(* $\limsup_{t\to\infty} r_t \leq 2\sqrt{6}-4$.
   Context: Let $t$ be a positive integer (the number of topics). A voter matrix with $t$ topics is a matrix $V\in\{Y,N\}^{n\times t}$ for some positive integer $n$ (rows are voters), subject to the standing assumption that in every column the number of entries $Y$ is at least the number of entries $N$. $\mathcal{V}_t$ is the set of all voter matrices with $t$ topics and any number of voters. A proposal is a vector $p\in\{Y,N\}^t$. A voter $v$ supports $p$ if the Hamming distance between $v$ and $p$ is at most $t/2$; $p$ is supported by $V$ if at least $n/2$ rows of $V$ support $p$. For $i=1,\dots,t$ let $m_i$ be the fraction of entries $Y$ in column $i$ of $V$, and $m_V=\frac1t\sum_i m_i$. For a proposal $p$ let $m_i'=m_i$ if $p_i=Y$ and $m_i'=1-m_i$ if $p_i=N$; set $R_p=\frac1t\sum_i m_i'$ and $r_p=R_p/m_V$. Let $r_V=\max r_p$, the maximum over all proposals $p$ supported by $V$, and $r_t=\inf_{V\in\mathcal{V}_t} r_V$. *)

From mathcomp Require Import all_boot all_order all_algebra.
From mathcomp Require Import all_classical all_reals all_analysis.
Set Implicit Arguments. Unset Strict Implicit. Unset Printing Implicit Defensive.
Import Order.TTheory GRing.Theory Num.Theory.
Local Open Scope ring_scope.
Local Open Scope classical_set_scope.

(* Entries: true = Y, false = N.  Rows are voters, columns are topics. *)
Section Voting.
Variable R : realType.

Definition colY n t (V : 'M[bool]_(n, t)) (j : 'I_t) : nat := #|[set i | V i j]|.

Definition voter_matrix n t (V : 'M[bool]_(n, t)) : Prop :=
  (0 < n)%N /\ forall j : 'I_t, (#|[set i | ~~ V i j]| <= colY V j)%N.

Definition proposal t := {ffun 'I_t -> bool}.

Definition hamming n t (V : 'M[bool]_(n, t)) (i : 'I_n) (p : proposal t) : nat :=
  #|[set j | V i j != p j]|.

Definition supports n t (V : 'M[bool]_(n, t)) (i : 'I_n) (p : proposal t) : bool :=
  ((hamming V i p)%:R <= (t%:R / 2 : R)).

Definition supported n t (V : 'M[bool]_(n, t)) (p : proposal t) : bool :=
  ((#|[set i | supports V i p]|)%:R >= (n%:R / 2 : R)).

Definition m_col n t (V : 'M[bool]_(n, t)) (j : 'I_t) : R := (colY V j)%:R / n%:R.

Definition m_V n t (V : 'M[bool]_(n, t)) : R := t%:R^-1 * \sum_(j < t) m_col V j.

Definition m_col' n t (V : 'M[bool]_(n, t)) (p : proposal t) (j : 'I_t) : R :=
  if p j then m_col V j else 1 - m_col V j.

Definition R_p n t (V : 'M[bool]_(n, t)) (p : proposal t) : R :=
  t%:R^-1 * \sum_(j < t) m_col' V p j.

Definition r_p n t (V : 'M[bool]_(n, t)) (p : proposal t) : R := R_p V p / m_V V.

(* maximum of r_p over supported proposals (a supported proposal always exists,
   and r_p >= 0, so 0 as neutral element is harmless) *)
Definition r_V n t (V : 'M[bool]_(n, t)) : R :=
  \big[Num.max/0]_(p : proposal t | supported V p) r_p V p.

Definition r_t (t : nat) : R :=
  inf [set x : R | exists n (V : 'M[bool]_(n, t)), voter_matrix V /\ x = r_V V].

End Voting.

From mathcomp Require Import all_boot all_order all_algebra.
From mathcomp Require Import all_classical all_reals all_analysis.
From mathcomp Require Import ring lra.
Set Implicit Arguments. Unset Strict Implicit. Unset Printing Implicit Defensive.
Import Order.TTheory GRing.Theory Num.Theory.
Local Open Scope ring_scope.

(* For t = u + 1 topics take 2 * 3^u voters approving every topic and, for
   every ballot f : topics -> {0,1,2}, one voter approving exactly the topics
   j with f j = 0.  Every column has Y-fraction 3/5, so a proposal with Q
   approvals has r_p = (2t + Q) / (3t).  Over the 3^t ballots, a ballot voter
   agrees with the proposal on (2t - Q) / 3 topics on average, with variance
   at most t.  If 3Q > 2t, supporting the proposal needs a deviation of t/18,
   so by Chebyshev at most 972 * 3^u / t ballot voters support it: together
   with the 2 * 3^u yes-voters this falls short of n/2 = 5 * 3^u / 2 once
   t >= 2000.  Hence r_V <= 8/9 < 2 sqrt 6 - 4 for all large t. *)

Lemma card_classic_set (T : finType) (P : pred T) :
  #|[set x | P x]%classic| = #|P|.
Proof. by apply: eq_card => x; apply/idP/idP; rewrite in_setE. Qed.

Lemma natr_card (R : pzSemiRingType) (T : finType) (P : pred T) :
  #|P|%:R = \sum_x (P x)%:R :> R.
Proof.
rewrite -[#|P|%:R]sumr_const big_mkcond /=.
by apply: eq_bigr => x _; rewrite unfold_in; case: (P x).
Qed.

Section ProductSums.
Variables (R : comPzRingType) (I A : finType).
Local Notation F := {ffun I -> A}.

Lemma sum_ffun_coord (g : A -> R) (i : I) :
  \sum_(f : F) g (f i) = (\sum_a g a) * #|A|%:R ^+ #|I|.-1.
Proof.
pose G k a := if k == i then g a else 1.
transitivity (\sum_(f : F) \prod_k G k (f k)).
  by apply: eq_bigr => f _; rewrite -big_mkcond big_pred1_eq.
rewrite -bigA_distr_bigA (bigD1 i) //= /G eqxx; congr (_ * _).
rewrite (eq_bigr (fun _ => #|A|%:R)) ?prodr_const ?cardC1 //.
by move=> k /negbTE ->; rewrite sumr_const.
Qed.

Lemma sum_ffun_mul_centered (g h : A -> R) (i k : I) :
  i != k -> \sum_a g a = 0 -> \sum_(f : F) g (f i) * h (f k) = 0.
Proof.
move=> ik g0.
pose G l a := (if l == i then g a else 1) * (if l == k then h a else 1).
transitivity (\sum_(f : F) \prod_l G l (f l)).
  by apply: eq_bigr => f _; rewrite big_split -!big_mkcond !big_pred1_eq.
rewrite -bigA_distr_bigA (bigD1 i) //= /G eqxx (negbTE ik).
by rewrite (eq_bigr g) ?g0 ?mul0r // => a _; rewrite mulr1.
Qed.

Lemma sum_ffun_sqr_centered (g : I -> A -> R) :
  (forall i, \sum_a g i a = 0) ->
  \sum_(f : F) (\sum_i g i (f i)) ^+ 2 = \sum_i \sum_(f : F) g i (f i) ^+ 2.
Proof.
move=> g0.
transitivity (\sum_(f : F) \sum_i \sum_k g i (f i) * g k (f k)).
  apply: eq_bigr => f _; rewrite expr2 mulr_suml.
  by apply: eq_bigr => i _; rewrite mulr_sumr.
rewrite exchange_big; apply: eq_bigr => i _ /=.
rewrite exchange_big (bigD1 i) //= [X in _ + X]big1 ?addr0.
  by apply: eq_bigr => f _; rewrite expr2.
by move=> k ki; apply: sum_ffun_mul_centered; rewrite // eq_sym.
Qed.

End ProductSums.

Lemma sum_ffun_sqr_centered_le (R : realDomainType) (I A : finType)
    (g : I -> A -> R) :
  (forall i, \sum_a g i a = 0) -> (forall i a, g i a ^+ 2 <= 1) ->
  \sum_(f : {ffun I -> A}) (\sum_i g i (f i)) ^+ 2
    <= (#|I| * #|{ffun I -> A}|)%:R.
Proof.
move=> g0 g1; rewrite sum_ffun_sqr_centered // natrM mulr_natl -sumr_const.
by apply: ler_sum => i _; rewrite -sumr_const; apply: ler_sum => f _.
Qed.

Lemma card_mul_sqr_le_sum_sqr (R : realDomainType) (T : finType)
    (P : pred T) (D : T -> R) (c : R) :
  0 <= c -> (forall x, P x -> c <= D x) -> #|P|%:R * c ^+ 2 <= \sum_x D x ^+ 2.
Proof.
move=> c0 PcD; rewrite mulr_natl -sumr_const big_mkcond /=.
apply: ler_sum => x _; rewrite unfold_in; case: ifP => [/PcD cD | _].
  by rewrite !expr2 ler_pM.
exact: sqr_ge0.
Qed.

Lemma limn_esup_le_eventually (R : realType) (u : (\bar R)^nat) (l : \bar R) N :
  (forall n, (N <= n)%N -> (u n <= l)%E) -> (limn_esup u <= l)%E.
Proof.
move=> ul; rewrite limn_esup_lim; apply: lime_le; first exact: is_cvg_esups.
exists N => // m /= Nm; apply: ge_ereal_sup => _ [k /= mk <-].
by apply: ul; apply: leq_trans mk.
Qed.

Definition approvals (R : pzSemiRingType) t (p : proposal t) : R :=
  \sum_j (p j)%:R.

Lemma sum_proposal_if (R : comPzRingType) t (p : proposal t) (a c : R) :
  \sum_j (if p j then a else c) = t%:R * c + (a - c) * approvals R p.
Proof.
transitivity (\sum_j (c + (a - c) * (p j)%:R)).
  by apply: eq_bigr => j _; case: (p j); rewrite /= ?mulr1 ?mulr0 ?addr0 // addrC subrK.
by rewrite big_split /= sumr_const card_ord mulr_natl mulr_sumr.
Qed.

Section Instance.
Variable u : nat.
Local Notation t := u.+1.
Local Notation ballot := {ffun 'I_t -> 'I_3}.

Definition nyes := (2 * 3 ^ u)%N.
Definition nvoters := (nyes + #|{: ballot}|)%N.

(* Rows [lshift _ i] are the yes-voters, row [rshift nyes (enum_rank f)] is
   the voter of ballot [f]. *)
Definition instance_mx : 'M[bool]_(nvoters, t) :=
  \matrix_(i, j) match fintype.split i with
                 | inl _ => true
                 | inr k => (enum_val k : ballot) j == ord0
                 end.
Local Notation V := instance_mx.
Local Notation voter f := (rshift nyes (enum_rank f)).

Lemma instance_mx_yes i j : V (lshift _ i) j = true.
Proof. by rewrite mxE -[lshift _ _]/(unsplit (inl i)) unsplitK. Qed.

Lemma instance_mx_ballot (f : ballot) j : V (voter f) j = (f j == ord0).
Proof. by rewrite mxE -[rshift _ _]/(unsplit (inr _)) unsplitK enum_rankK. Qed.

Lemma card_ballot : #|{: ballot}| = (3 * 3 ^ u)%N.
Proof. by rewrite card_ffun !card_ord expnS. Qed.

Lemma nvotersE : nvoters = (5 * 3 ^ u)%N.
Proof. by rewrite /nvoters card_ballot /nyes -mulnDl. Qed.

Variable R : realType.

Lemma sum_instance_rows (G : 'I_nvoters -> R) :
  \sum_i G i = \sum_(i < nyes) G (lshift _ i) + \sum_(f : ballot) G (voter f).
Proof.
rewrite big_split_ord /=; congr (_ + _).
rewrite (big_enum_val (A := predT) (fun f => G (voter f))) /=.
by apply: eq_bigr => k _; rewrite enum_valK.
Qed.

Lemma sum_ballot_coord (g : 'I_3 -> R) j :
  \sum_(f : ballot) g (f j) = (\sum_a g a) * 3%:R ^+ u.
Proof. by rewrite sum_ffun_coord !card_ord. Qed.

Lemma natr_colY_instance j : (colY V j)%:R = 3 * 3 ^+ u :> R.
Proof.
rewrite /colY card_classic_set natr_card sum_instance_rows.
under eq_bigr do rewrite instance_mx_yes.
under [X in _ + X]eq_bigr do rewrite instance_mx_ballot.
rewrite (sum_ballot_coord (fun a => (a == ord0)%:R)).
rewrite !big_ord_recl big_ord0 sumr_const card_ord /nyes /=.
by rewrite natrM natrX; ring.
Qed.

Lemma natr_colN_instance j : #|[set i | ~~ V i j]%classic|%:R = 2 * 3 ^+ u :> R.
Proof.
rewrite card_classic_set natr_card sum_instance_rows.
under eq_bigr do rewrite instance_mx_yes.
under [X in _ + X]eq_bigr do rewrite instance_mx_ballot.
rewrite (sum_ballot_coord (fun a => (a != ord0)%:R)).
rewrite !big_ord_recl big_ord0 big1 //=.
by rewrite add0r; ring.
Qed.

Lemma voter_matrix_instance : voter_matrix V.
Proof.
split; first by rewrite nvotersE muln_gt0 expn_gt0.
move=> j; rewrite -(ler_nat R) natr_colN_instance natr_colY_instance.
by rewrite ler_pM2r ?exprn_gt0 // ler_nat.
Qed.

Lemma m_col_instance j : m_col R V j = 3 / 5.
Proof.
rewrite /m_col natr_colY_instance nvotersE natrM natrX.
by field; rewrite expf_neq0.
Qed.

Lemma r_p_instance p : r_p R V p = (2 * t%:R + approvals R p) / (3 * t%:R).
Proof.
have m_V_instance : m_V R V = 3 / 5.
  rewrite /m_V (eq_bigr (fun _ => 3 / 5)) => [|j _]; last exact: m_col_instance.
  by rewrite sumr_const card_ord -[3 / 5 *+ t]mulr_natr; field; rewrite nat1r pnatr_eq0.
rewrite /r_p m_V_instance /R_p /m_col'.
under eq_bigr do rewrite m_col_instance.
by rewrite sum_proposal_if; field; rewrite nat1r pnatr_eq0.
Qed.

(* agreement of the ballot entry [a] with [p j], centred at its mean over ['I_3] *)
Definition agreement_dev (p : proposal t) j (a : 'I_3) : R :=
  ((a == ord0) == p j)%:R - (if p j then 1 / 3 else 2 / 3).

Lemma sum_agreement_dev p j : \sum_a agreement_dev p j a = 0.
Proof. by rewrite !big_ord_recl big_ord0 /agreement_dev /=; case: (p j) => /=; lra. Qed.

Lemma agreement_dev_sqr_le1 p j a : agreement_dev p j a ^+ 2 <= 1.
Proof.
rewrite /agreement_dev expr2.
by case: (_ == _); case: (p j) => /=; lra.
Qed.

Lemma sum_agreement_dev_ballot p (f : ballot) :
  \sum_j agreement_dev p j (f j)
  = t%:R - (hamming V (voter f) p)%:R - (2 * t%:R - approvals R p) / 3.
Proof.
rewrite /hamming card_classic_set natr_card /agreement_dev sumrB sum_proposal_if.
have agree j : ((f j == ord0) == p j)%:R = 1 - (V (voter f) j != p j)%:R :> R.
  by rewrite instance_mx_ballot; case: (_ == _); case: (p j); rewrite /= ?subr0 ?subrr.
rewrite (eq_bigr _ (fun j _ => agree j)) sumrB sumr_const card_ord; lra.
Qed.

Lemma supporting_ballot_dev_ge p (f : ballot) :
  supports R V (voter f) p -> 2 * t%:R < 3 * approvals R p ->
  t%:R / 18 <= \sum_j agreement_dev p j (f j).
Proof. by rewrite /supports sum_agreement_dev_ballot => ? ?; lra. Qed.

Lemma card_supporting_ballots_le p :
  2 * t%:R < 3 * approvals R p ->
  #|[pred f : ballot | supports R V (voter f) p]|%:R * (t%:R / 18) ^+ 2
    <= t%:R * (3 * 3 ^+ u) :> R.
Proof.
move=> many_approvals.
have dev_ge f : f \in [pred f : ballot | supports R V (voter f) p] ->
    t%:R / 18 <= \sum_j agreement_dev p j (f j).
  by move=> supp; apply: supporting_ballot_dev_ge.
apply: le_trans (card_mul_sqr_le_sum_sqr _ dev_ge) _; first by rewrite divr_ge0.
apply: le_trans (sum_ffun_sqr_centered_le (@sum_agreement_dev p) (@agreement_dev_sqr_le1 p)) _.
by rewrite card_ballot card_ord !natrM natrX.
Qed.

Lemma natr_card_supporters_le p :
  #|[set i | supports R V i p]%classic|%:R
    <= nyes%:R + #|[pred f : ballot | supports R V (voter f) p]|%:R :> R.
Proof.
rewrite card_classic_set !natr_card sum_instance_rows lerD2r.
apply: le_trans (_ : _ <= \sum_(i < nyes) 1) _; last by rewrite sumr_const card_ord.
by apply: ler_sum => i _; case: (supports _ _ _ _); rewrite ?ler01.
Qed.

Lemma supported_instance_approvals_le p :
  (2000 <= t)%N -> supported R V p -> 3 * approvals R p <= 2 * t%:R.
Proof.
move=> t_ge; rewrite /supported => C_ge; rewrite leNgt; apply/negP => many_approvals.
have S_le := card_supporting_ballots_le many_approvals.
have C_le := natr_card_supporters_le p.
set C : R := #|[set i | supports R V i p]%classic|%:R in C_ge C_le.
set S : R := #|[pred f : ballot | supports R V (voter f) p]|%:R in C_le S_le.
have n_eq : nvoters%:R = 5 * 3 ^+ u :> R by rewrite nvotersE natrM natrX.
have y_eq : nyes%:R = 2 * 3 ^+ u :> R by rewrite natrM natrX.
rewrite n_eq in C_ge; rewrite y_eq in C_le.
have t_ge' : 2000 <= t%:R :> R by rewrite (ler_nat R 2000).
have x_gt0 : 0 < 3 ^+ u :> R by rewrite exprn_gt0.
set x := 3 ^+ u in x_gt0 C_ge C_le S_le.
have S_ge : x / 2 <= S by lra.
have : x / 2 * (t%:R / 18) ^+ 2 <= t%:R * (3 * x).
  by apply: le_trans S_le; rewrite ler_wpM2r ?sqr_ge0.
rewrite expr2; have tx_gt0 : 0 < t%:R * x by rewrite mulr_gt0 //; lra.
nra.
Qed.

Lemma r_V_instance_le : (2000 <= t)%N -> r_V R V <= 8 / 9.
Proof.
move=> t_ge; apply: bigmax_le => [|p]; first lra.
move=> /(supported_instance_approvals_le t_ge) approvals_le.
by rewrite r_p_instance ler_pdivrMr ?mulr_gt0 ?ltr0n //; lra.
Qed.

End Instance.

Lemma r_t_le (R : realType) t : (2000 <= t)%N -> r_t R t <= 8 / 9.
Proof.
case: t => [//|u] t_ge; apply: le_trans (r_V_instance_le R t_ge).
apply: ge_inf; first by exists 0 => _ [n [W [_ ->]]]; exact: bigmax_ge_id.
by exists (nvoters u), (instance_mx u); split => //; exact: voter_matrix_instance.
Qed.

Lemma eight_ninths_le_sqrt6 (R : rcfType) : 8 / 9 <= 2 * Num.sqrt 6 - 4 :> R.
Proof.
have := @sqr_sqrtr R 6 ltac:(lra); have := @sqrtr_ge0 R 6.
by rewrite expr2; nra.
Qed.

Theorem theorem5p6 (R : realType) :
  (limn_esup (fun t : nat => ((r_t R t)%:E)) <= (2 * Num.sqrt 6 - 4 : R)%:E)%E.
Proof.
apply: (@limn_esup_le_eventually _ _ _ 2000) => t t_ge.
by rewrite lee_fin (le_trans (r_t_le R t_ge)) ?eight_ninths_le_sqrt6.
Qed.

═══

> **About this exercise**
Find the word "true" in the entries. Copy each line that holds it.

> **Your response**
(* Entries: true = Y, false = N.  Rows are voters, columns are topics. *)
                 | inl _ => true
Lemma instance_mx_yes i j : V (lshift _ i) j = true.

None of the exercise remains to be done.